Diet and nutrition can significantly impact the quality of our sleep. Having a balanced diet made up largely of a variety of vegetables / fruits, grains and healthy fats contributes to better sleep while promoting a healthy weight. Limiting sugary and processed foods is highly suggested for better overall health and sleep. Most people can get better sleep by improving their sleep hygiene, which includes an individual’s bedroom environment and sleep-related habits. Research has found that an inconsistent sleep schedule is correlated with a higher risk of weight gain and fatigue. Giving yourself plenty of time to relax and get ready for bed is another way to prepare yourself for bedtime. Avoiding foods and drinks, like caffeinated beverages or sugary foods is suggested for optimal overall health and sleep.

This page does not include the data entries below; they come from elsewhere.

Lemma sq_hess_h_le n (a : 'I_n -> 'I_d.+1 -> 'rV[R]_d) (p : 'I_n -> 'rV[R]_d -> R) :
  (forall k, Defs.nondegenerate (a k)) -> (forall k, ZK (a k) (p k)) ->
  sq_hess_h a p <=
  (sq_hess_h a (fun k => PiK (a k) (p k)) + sq_hess_h a (fun k => PiK (a k) (p k)))
  + (sq_hess_h a (fun k => PicK (a k) (p k)) + sq_hess_h a (fun k => PicK (a k) (p k))).
Proof.
move=> nd zp.
exact: lee_sum_split (fun k => intover_sqnm_hess_le (nd k) (zp k)).
Qed.

End BrokenNorms.

Unset Implicit Arguments. Set Strict Implicit.

Theorem mainTheorem4 (R : realType) (d : nat) (hd : (2 <= d)%N)
  (m : nat) (vert : 'I_m -> 'rV[R]_d)
  (Obar_int : exists x, interior (hull vert) x)
  (n : nat) (a : 'I_n -> 'I_d.+1 -> 'rV[R]_d)
  (hT : triangulation (hull vert) a)
  (eps : R) (heps : 0 < eps)
  (v : 'rV[R]_d -> R) (p : 'I_n -> 'rV[R]_d -> R)
  (hv : in_Vh (hull vert) a v p) :
  ((2^-1)%:E * tnorm2 eps a p <= bh_vv eps a p)%E.
Proof.
have [nd _] := hT.
have [_ [zp _]] := hv.
apply: half_weighted_sum_le.
- by rewrite exprn_ge0 ?ltW.
- exact: sq_hess_h_ge0.
- exact: sq_hess_h_ge0.
- exact: sq_hess_h_ge0.
- exact: sq_grad_h_ge0.
- exact: sq_hess_h_le.
Qed.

Other sleep hygiene improvements include making sure that your bedroom is dark and quiet, avoiding screen time for an hour or more before bed, having a comfortable mattress and bedding, and trying to get daylight exposure and moderate exercise every day.


Sleep Hygiene Tips:

  • Create a restful environment by keeping it cool and quiet. 

  • Avoid drinking too much (even water) before bed. Avoid heavy or large meals within a couple of hours of bedtime. Discomfort might keep you up.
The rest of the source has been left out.